Off the Map is a film so in love with the spoken word, it might seem a tad paradoxical that its most effective moments are all basically wordless. There are three essentially silent sequences sprinkled throughout this otherwise language-driven movie, and each time one appears, you can almost hear the audience holding its breath and then exhaling in a collective rush of satisfaction. It's as if these brief respites from all the chatter allow the movie's words to finally sink in, as its characters become real and their emotions finally make that necessary leap from theoretical to purely animal.
The first of these moments is a brilliantly orchestrated voyeurs' daisy chain: a young girl secretly observing a dumbstruck peeper who happens upon her mother standing stark naked and stock still in her garden watching a coyote silently stalking a rabbit. In the second of these dialogue-free and essentially real-time sequences, a confused young man, having just declared his love (somewhat absurdly) for another man's wife, wanders off to ponder the horizon to the equally absurd but also somehow regal strains of Billy Paul's Me and Mrs. Jones. In the third of the wordless sequences around which this proudly wordy film seems to revolve, we simply observe as a man touches his wife's foot, and then, tentatively, kisses her.

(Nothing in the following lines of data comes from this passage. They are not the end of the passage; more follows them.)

(* Let $\mathsf{R}:\widetilde{\mathcal{C}}\to\mathcal{C}$ be a Frobenius extension of an abelian category $\mathcal{C}$, with left adjoint $\mathsf{I}$ and right adjoint $\mathsf{C}$ of $\mathsf{R}$. Then $\widetilde{\mathcal{C}}$ has enough projective objects if and only if $\mathcal{C}$ has enough projective objects. If there are enough projective objects, then (i) the projective objects of $\mathcal{C}$ are exactly the direct summands of objects $\mathsf{R}P$ with $P$ projective in $\widetilde{\mathcal{C}}$; (ii) the projective objects of $\widetilde{\mathcal{C}}$ are exactly the direct summands of objects $\mathsf{I}P$ (equivalently, of objects $\mathsf{C}P$) with $P$ projective in $\mathcal{C}$. The same statements hold with ''projective'' replaced by ''injective'' throughout.
   Context: A Frobenius extension of an abelian category $\mathcal{C}$ is an abelian category $\widetilde{\mathcal{C}}$ together with an additive functor $\mathsf{R}:\widetilde{\mathcal{C}}\to\mathcal{C}$ such that (i) $\mathsf{R}$ has a left adjoint $\mathsf{I}$ and a right adjoint $\mathsf{C}$; (ii) $\mathsf{R},\mathsf{I},\mathsf{C}$ are faithful; (iii) $\mathsf{I}\cong\mathsf{C}\circ\mathsf{E}$ for some auto-equivalence $\mathsf{E}$ of $\mathcal{C}$. *)

From HB Require Import structures.
From mathcomp Require Import all_boot all_algebra.
Set Implicit Arguments. Unset Strict Implicit. Unset Printing Implicit Defensive.
Import GRing.Theory.
Local Open Scope ring_scope.

(* A preadditive category: hom-sets are abelian groups, composition is
   bilinear. comp g f is "g after f" for f : a -> b, g : b -> c. *)
Record category := Category {
  ob :> Type;
  hom : ob -> ob -> zmodType;
  idm : forall a, hom a a;
  comp : forall a b c, hom b c -> hom a b -> hom a c;
  comp_idl : forall a b (f : hom a b), comp (idm b) f = f;
  comp_idr : forall a b (f : hom a b), comp f (idm a) = f;
  comp_assoc : forall a b c d (h : hom c d) (g : hom b c) (f : hom a b),
      comp h (comp g f) = comp (comp h g) f;
  comp_addl : forall a b c (g g' : hom b c) (f : hom a b),
      comp (g + g') f = comp g f + comp g' f;
  comp_addr : forall a b c (g : hom b c) (f f' : hom a b),
      comp g (f + f') = comp g f + comp g f'
}.
Arguments idm {C} a : rename.
Arguments comp {C a b c} g f : rename.

Section CatDefs.
Variable C : category.

Definition monic (a b : C) (f : hom a b) :=
  forall (x : C) (g h : hom x a), comp f g = comp f h -> g = h.
Definition epic (a b : C) (f : hom a b) :=
  forall (x : C) (g h : hom b x), comp g f = comp h f -> g = h.
Definition is_iso (a b : C) (f : hom a b) :=
  exists g : hom b a, comp g f = idm a /\ comp f g = idm b.

Definition has_zero_object :=
  exists z : C, (forall (a : C) (f : hom z a), f = 0) /\
                (forall (a : C) (f : hom a z), f = 0).

(* binary products (= biproducts in a preadditive category) *)
Definition is_product (a b p : C) (pa : hom p a) (pb : hom p b) :=
  forall (x : C) (f : hom x a) (g : hom x b),
    exists u : hom x p, (comp pa u = f /\ comp pb u = g) /\
      forall v : hom x p, comp pa v = f -> comp pb v = g -> v = u.
Definition has_binary_products :=
  forall a b : C, exists p (pa : hom p a) (pb : hom p b), is_product pa pb.

Definition is_kernel (a b k : C) (f : hom a b) (i : hom k a) :=
  comp f i = 0 /\
  forall (x : C) (g : hom x a), comp f g = 0 ->
    exists u : hom x k, comp i u = g /\
      forall v : hom x k, comp i v = g -> v = u.
Definition is_cokernel (a b q : C) (f : hom a b) (p : hom b q) :=
  comp p f = 0 /\
  forall (x : C) (g : hom b x), comp g f = 0 ->
    exists u : hom q x, comp u p = g /\
      forall v : hom q x, comp v p = g -> v = u.

Definition abelian :=
  has_zero_object /\ has_binary_products /\
      (forall (a b : C) (f : hom a b), exists k (i : hom k a), is_kernel f i) /\
      (forall (a b : C) (f : hom a b), exists q (p : hom b q), is_cokernel f p) /\
      (forall (k a : C) (i : hom k a), monic i ->
          exists b (f : hom a b), is_kernel f i) /\
      (forall (b q : C) (p : hom b q), epic p ->
          exists a (f : hom a b), is_cokernel f p).

Definition projective_obj (P : C) :=
  forall (a b : C) (e : hom a b), epic e ->
    forall f : hom P b, exists g : hom P a, comp e g = f.
Definition injective_obj (Q : C) :=
  forall (a b : C) (m : hom a b), monic m ->
    forall f : hom a Q, exists g : hom b Q, comp g m = f.

Definition enough_projectives :=
  forall X : C, exists P (e : hom P X), projective_obj P /\ epic e.
Definition enough_injectives :=
  forall X : C, exists Q (m : hom X Q), injective_obj Q /\ monic m.

Definition direct_summand (X Y : C) :=
  exists (i : hom X Y) (p : hom Y X), comp p i = idm X.
End CatDefs.

Record functor (C D : category) := Functor {
  fobj :> C -> D;
  fmap : forall a b : C, hom a b -> hom (fobj a) (fobj b);
  fmap_id : forall a, fmap (idm a) = idm (fobj a);
  fmap_comp : forall a b c (g : hom b c) (f : hom a b),
      fmap (comp g f) = comp (fmap g) (fmap f)
}.
Arguments fmap {C D} F {a b} f : rename.

Definition additive_functor (C D : category) (F : functor C D) :=
  forall (a b : C) (f g : hom a b), fmap F (f + g) = fmap F f + fmap F g.

Definition faithful (C D : category) (F : functor C D) :=
  forall (a b : C) (f g : hom a b), fmap F f = fmap F g -> f = g.

Definition functor_id (C : category) : functor C C :=
  @Functor C C id (fun a b f => f) (fun a => erefl) (fun a b c g f => erefl).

Off the Map, directed by Campbell Scott (Rodger Dodger), is one of those movies that critics like to describe as a "small gem," and that's exactly what it is. The film is about a lot of little things and big things and in-between things, all spinning in many different directions at once, and rarely arriving at the place we expect them to. There's not a story per se so much as a series of anecdotes, an accumulation of tiny but telling details that gradually flesh out the characters and allow us to enter their world to a degree not commonly allowed for in most motion pictures.
The film takes the shape of a memory piece, a reeling-in of the years by a grown woman inviting us along as she revisits her childhood in the wilds of New Mexico, circa 1974. In the most broadly described sense, this is a coming-of-age tale – almost inevitably so, since our 12-year-old guide, Bo Groden (Valentina de Angelis), is at an age when new discoveries wait around every corner. But Off the Map is also much more: a grown-up romance, a mystical adventure, a cheerfully dysfunctional comedy, a wistful family drama. That the movie resists being pigeonholed as any one single thing is just one reason its title is so spot on.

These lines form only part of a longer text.